Lemma cycle_type_class (G : {set {perm T}}) g a b :
  (G = 'Sym_T \/ G = 'Alt_T) -> prime #[g] -> odd #[g] ->
  has_cycle_type_1l g a #[g] b -> (2 <= a)%N \/ (2 <= b)%N ->
  forall h, h \in G -> (has_cycle_type_1l h a #[g] b <-> h \in g ^: G).
Proof.
move=> GE pr og tg ab h hG; split=> [th|/imsetP[x _ ->]]; last exact: cycle_typeJ.
have [phi gphi] := cycle_type_conj (prime_gt1 pr) tg th.
case: GE => GE; subst G; first by apply/imsetP; exists phi; rewrite ?inE.
have [phi_odd|phi_even] := boolP (odd_perm phi).
  have [tau [tau_odd taug]] := odd_perm_centralizing pr og tg ab.
  apply/imsetP; exists (tau * phi); first by rewrite Alt_even odd_permM tau_odd phi_odd.
  by rewrite conjgM (conjg_intertwine taug).
by apply/imsetP; exists phi; rewrite ?Alt_even.
Qed.
End ConjugacyClasses.

Section UniqueFixedPartition.
Variable T : finType.
Variables (g : {perm T}) (k m : nat) (w : {set {set T}}).
Hypotheses (pr : prime #[g]) (k1 : (1 < k)%N) (m2 : (2 <= m)%N).
Hypothesis card_T : #|T| = (k * m)%N.
Hypothesis wO : w \in uniform_partitions T k.
Hypothesis gw : part_act g w = w.
Hypothesis w_uniq : forall Q, Q \in uniform_partitions T k -> part_act g Q = Q -> Q = w.
Implicit Types (B : {set T}) (x y z u v : T).

Let pw : partition w [set: T]. Proof. by case/uniform_partitionsP: wO. Qed.
Let sw : {in w, forall B, #|B| = k}. Proof. by case/uniform_partitionsP: wO. Qed.
Let F := [set x | g x == x].

Lemma card_blocks : #|w| = m.
Proof.
by apply/eqP; rewrite -(eqn_pmul2l (ltnW k1)) -card_T (card_uniform_partitions wO).
Qed.

Lemma other_block B : B \in w -> exists2 B', B' \in w & B' != B.
Proof.
move=> Bw; have : (0 < #|w :\ B|)%N.
  by have := cardsD1 B w; rewrite Bw card_blocks => m_eq; move: m2; rewrite m_eq.
by case/card_gt0P=> B'; rewrite !inE => /andP[B'B B'w]; exists B'.
Qed.

(* Uniqueness of [w] makes it invariant under the centralizer of [g]. *)
Lemma commute_block (c : {perm T}) B : (forall z, c (g z) = g (c z)) -> B \in w ->
  [set c x | x in B] \in w.
Proof.
move=> cg Bw; have cgE : c * g = g * c by apply/permP => z; rewrite !permM cg.
suff <- : part_act c w = w by exact: imset_f.
by apply: w_uniq; rewrite ?part_act_uniform // -part_actM cgE part_actM gw.
Qed.

Lemma commute_block_fixed (c : {perm T}) B x : (forall z, c (g z) = g (c z)) ->
  B \in w -> x \in B -> c x \in B -> [set c y | y in B] = B.
Proof.
move=> cg Bw xB cxB.
by apply: (partition_block_eq pw (commute_block cg Bw) Bw _ cxB); rewrite imset_f.
Qed.

Lemma porbit_sub_block_other B z y : B \in w -> z \in B -> y \in B ->
  y \notin porbit g z -> porbit g z \subset B.
Proof.
move=> Bw zB yB yz; set c := porbit_cycle g z.
have cB : [set c x | x in B] = B.
  apply: (commute_block_fixed (porbit_cycle_commute g z) Bw yB).
  by rewrite porbit_cycleE (negbTE yz).
apply/subsetP=> _ /porbitP[i ->]; elim: i => [|i IH]; first by rewrite expg0 perm1.
rewrite expgSr permM -cB; apply/imsetP; exists ((g ^+ i) z) => //.
by rewrite porbit_cycleE mem_porbit.
Qed.

(* When [B] lies inside the orbit of [z], that orbit is a union of blocks, so
   [k] divides its length [p]. *)
Lemma porbit_sub_block B z : B \in w -> z \in B -> porbit g z \subset B.
Proof.
move=> Bw zB; have [|/subsetPn[y yB yz]] := boolP (B \subset porbit g z); last first.
  exact: porbit_sub_block_other yB yz.
move=> Bz; have k_dvd : (k %| #|porbit g z|)%N.
  apply: (dvdn_card_union_blocks wO) => B' u B'w uB' uz.
  apply/subsetP=> y yB'; apply/negPn/negP=> yz.
  have := porbit_sub_block_other B'w uB' yB'; rewrite (porbit_of_mem uz) => /(_ yz) zB'.
  have zB'' : z \in B' by rewrite (subsetP zB') ?porbit_id.
  by rewrite (subsetP Bz) // (partition_block_eq pw Bw B'w zB zB'') in yz.
have ck : #|porbit g z| = k.
  case: (card_porbit_prime z pr) => cz; rewrite cz in k_dvd *.
    by move: k_dvd k1; rewrite dvdn1 => /eqP ->.
  by apply/esym/(prime_nt_dvdP pr _ k_dvd); rewrite neq_ltn k1 orbT.
suff /eqP <- : B == porbit g z by [].
by rewrite eqEcard Bz ck (sw Bw) leqnn.
Qed.

Lemma block_stable B : B \in w -> [set g x | x in B] = B.
Proof.
move=> Bw; apply: perm_set_stable => u uB; apply: (subsetP (porbit_sub_block Bw uB)).
by rewrite -{1}(expg1 g) mem_porbit.
Qed.

Lemma fixed_block B x y : B \in w -> x \in B -> g x = x -> g y = y -> y \in B.
Proof.
move=> Bw xB gx gy; apply/negPn/negP => yB.
have [u]: exists u, u \in B :\ x.
  by apply/set0Pn; rewrite -card_gt0; move: k1; rewrite -(sw Bw) (cardsD1 x B) xB.
rewrite !inE => /andP[ux uB].
have uy : u != y by apply: contraNneq yB => <-.
have tB : [set tperm x y v | v in B] = B.
  by apply: (commute_block_fixed (tperm_commute_fixed gx gy) Bw uB); rewrite tpermD // eq_sym.
by case/negP: yB; rewrite -tB; apply/imsetP; exists x; rewrite ?tpermL.
Qed.

(* Swapping the cycles of [u] and [v] commutes with [g] and fixes [t]. *)
Lemma other_blocks_fixed B t u : B \in w -> t \in B -> u \in B ->
  g u != u -> t \notin porbit g u ->
  forall B' v, B' \in w -> B' != B -> v \in B' -> g v = v.
Proof.
move=> Bw tB uB gu tu B' v B'w B'B vB'; apply/eqP/negPn/negP => gv.
have ruB : orbit_rep g u \in B := subsetP (porbit_sub_block Bw uB) _ (orbit_rep_mem g u).
have rvB' : orbit_rep g v \in B' := subsetP (porbit_sub_block B'w vB') _ (orbit_rep_mem g v).
have ruv : orbit_rep g u != orbit_rep g v.
  by apply: contra_neq B'B => ruv; apply: (partition_block_eq pw B'w Bw rvB'); rewrite -ruv.
have cuv : #|porbit g (orbit_rep g u)| = #|porbit g (orbit_rep g v)|.
  by rewrite !porbit_orbit_rep !card_porbit_moved.
have [sg [sgg sg_uv _ sg_fix]] := cycle_swap (orbit_repK g u) (orbit_repK g v) ruv cuv.
have sgt : sg t = t.
  apply/eqP; rewrite sg_fix !inE !porbit_orbit_rep negb_or tu /=.
  apply: contra B'B => tv; apply/eqP/(partition_block_eq pw B'w Bw _ tB).
  exact: subsetP (porbit_sub_block B'w vB') _ tv.
have sgB : [set sg y | y in B] = B by apply: (commute_block_fixed sgg Bw tB); rewrite sgt.
have rvB : orbit_rep g v \in B by rewrite -sgB -sg_uv imset_f.
by case/eqP: B'B; apply: (partition_block_eq pw B'w Bw rvB').
Qed.

Lemma fixed_points_block B : B \in w ->
  (forall B' v, B' \in w -> B' != B -> v \in B' -> g v = v) -> F \in w /\ m = 2.
Proof.
move=> Bw fixed_others.
have others_F B' : B' \in w -> B' != B -> B' = F.
  move=> B'w B'B; have [x xB'] := partition_block_n0 pw B'w.
  apply/setP=> u; rewrite inE; apply/idP/eqP => [|gu]; first exact: fixed_others.
  exact: fixed_block B'w xB' (fixed_others _ _ B'w B'B xB') gu.
have [B' B'w B'B] := other_block Bw.
have Fw : F \in w by rewrite -(others_F _ B'w B'B).
split=> //; apply/eqP; rewrite eqn_leq m2 andbT -card_blocks.
have wBF : w \subset [set B; F].
  apply/subsetP=> B'' B''w; rewrite !inE; have [//|B''B] := eqVneq B'' B.
  by rewrite (others_F _ B''w B''B) eqxx orbT.
by apply: leq_trans (subset_leq_card wBF) _; rewrite cards2; case: (_ != _).
Qed.

(* Trading [p] of the [k] fixed points of [F] for a [p]-cycle gives a second
   [g]-invariant partition [{A, ~: A}]. *)
Lemma short_orbit_false z : F \in w -> m = 2 -> g z != z -> (#[g] < k)%N -> False.
Proof.
move=> Fw m_2 gz pk; set O := porbit g z.
have [s0 [Us0 ss0 s0F]] : exists s0 : seq T, [/\ uniq s0, size s0 = #[g] & {subset s0 <= F}].
  by apply/card_geqP; rewrite (sw Fw) ltnW.
set S := [set x in s0].
have SF : S \subset F by apply/subsetP=> x; rewrite inE; exact: s0F.
have cFS : #|F :\: S| = (k - #[g])%N.
  by rewrite cardsD (setIidPr SF) (sw Fw) cardsE (card_uniqP Us0) ss0.
have OF u : u \in O -> u \notin F by move=> uO; rewrite inE (porbit_fixE uO).
set A := (F :\: S) :|: O.
have cA : #|A| = k.
  have disj : (F :\: S) :&: O = set0.
    by apply/setP=> u; rewrite !inE; apply/negP=> /andP[/andP[_ uF] /OF]; rewrite inE uF.
  have := cardsUI (F :\: S) O; rewrite disj cards0 addn0 cFS card_porbit_moved // => ->.
  by rewrite subnK // ltnW.
have cAc : #|~: A| = k.
  by apply/eqP; rewrite -(eqn_add2l #|A|) cardsC card_T m_2 cA muln2 addnn.
have gA : [set g u | u in A] = A.
  apply: perm_set_stable => u; rewrite !inE => /orP[/andP[uS uF]|uO].
    by rewrite (eqP uF) uS uF.
  by rewrite mem_porbitS uO orbT.
have Aw : A \in w.
  rewrite -(w_uniq (complement_partition_uniform cA cAc) (complement_partition_fixed gA)).
  by apply/imsetP; exists z; rewrite // ifT // inE porbit_id orbT.
have [x xFS] : exists x, x \in F :\: S by apply/set0Pn; rewrite -card_gt0 cFS subn_gt0.
have AF : A = F.
  by apply: (partition_block_eq pw Aw Fw (x := x)); [rewrite inE xFS | case/setDP: xFS].
by have := OF z (porbit_id g z); rewrite -AF inE porbit_id orbT.
Qed.

Lemma moved_block B z : B \in w -> z \in B -> g z != z -> B = porbit g z.
Proof.
move=> Bw zB gz; apply/eqP; rewrite eqEsubset porbit_sub_block // andbT.
apply/subsetP=> y yB; apply/negPn/negP => yz.
have [Fw m_2] := fixed_points_block Bw (other_blocks_fixed Bw yB zB gz yz).
apply: (short_orbit_false Fw m_2 gz); rewrite -(card_porbit_moved pr gz) -(sw Bw).
by apply: proper_card; rewrite properE porbit_sub_block //=; apply/subsetPn; exists y.
Qed.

****************************************

Above are records; repeat only the lines starting at the line with "[k] divides its length [p]. *)" and ending at the line with "have ruv : orbit_rep g u != orbit_rep g v.", exactly as they appear, both included.

   [k] divides its length [p]. *)
Lemma porbit_sub_block B z : B \in w -> z \in B -> porbit g z \subset B.
Proof.
move=> Bw zB; have [|/subsetPn[y yB yz]] := boolP (B \subset porbit g z); last first.
  exact: porbit_sub_block_other yB yz.
move=> Bz; have k_dvd : (k %| #|porbit g z|)%N.
  apply: (dvdn_card_union_blocks wO) => B' u B'w uB' uz.
  apply/subsetP=> y yB'; apply/negPn/negP=> yz.
  have := porbit_sub_block_other B'w uB' yB'; rewrite (porbit_of_mem uz) => /(_ yz) zB'.
  have zB'' : z \in B' by rewrite (subsetP zB') ?porbit_id.
  by rewrite (subsetP Bz) // (partition_block_eq pw Bw B'w zB zB'') in yz.
have ck : #|porbit g z| = k.
  case: (card_porbit_prime z pr) => cz; rewrite cz in k_dvd *.
    by move: k_dvd k1; rewrite dvdn1 => /eqP ->.
  by apply/esym/(prime_nt_dvdP pr _ k_dvd); rewrite neq_ltn k1 orbT.
suff /eqP <- : B == porbit g z by [].
by rewrite eqEcard Bz ck (sw Bw) leqnn.
Qed.

Lemma block_stable B : B \in w -> [set g x | x in B] = B.
Proof.
move=> Bw; apply: perm_set_stable => u uB; apply: (subsetP (porbit_sub_block Bw uB)).
by rewrite -{1}(expg1 g) mem_porbit.
Qed.

Lemma fixed_block B x y : B \in w -> x \in B -> g x = x -> g y = y -> y \in B.
Proof.
move=> Bw xB gx gy; apply/negPn/negP => yB.
have [u]: exists u, u \in B :\ x.
  by apply/set0Pn; rewrite -card_gt0; move: k1; rewrite -(sw Bw) (cardsD1 x B) xB.
rewrite !inE => /andP[ux uB].
have uy : u != y by apply: contraNneq yB => <-.
have tB : [set tperm x y v | v in B] = B.
  by apply: (commute_block_fixed (tperm_commute_fixed gx gy) Bw uB); rewrite tpermD // eq_sym.
by case/negP: yB; rewrite -tB; apply/imsetP; exists x; rewrite ?tpermL.
Qed.

(* Swapping the cycles of [u] and [v] commutes with [g] and fixes [t]. *)
Lemma other_blocks_fixed B t u : B \in w -> t \in B -> u \in B ->
  g u != u -> t \notin porbit g u ->
  forall B' v, B' \in w -> B' != B -> v \in B' -> g v = v.
Proof.
move=> Bw tB uB gu tu B' v B'w B'B vB'; apply/eqP/negPn/negP => gv.
have ruB : orbit_rep g u \in B := subsetP (porbit_sub_block Bw uB) _ (orbit_rep_mem g u).
have rvB' : orbit_rep g v \in B' := subsetP (porbit_sub_block B'w vB') _ (orbit_rep_mem g v).
have ruv : orbit_rep g u != orbit_rep g v.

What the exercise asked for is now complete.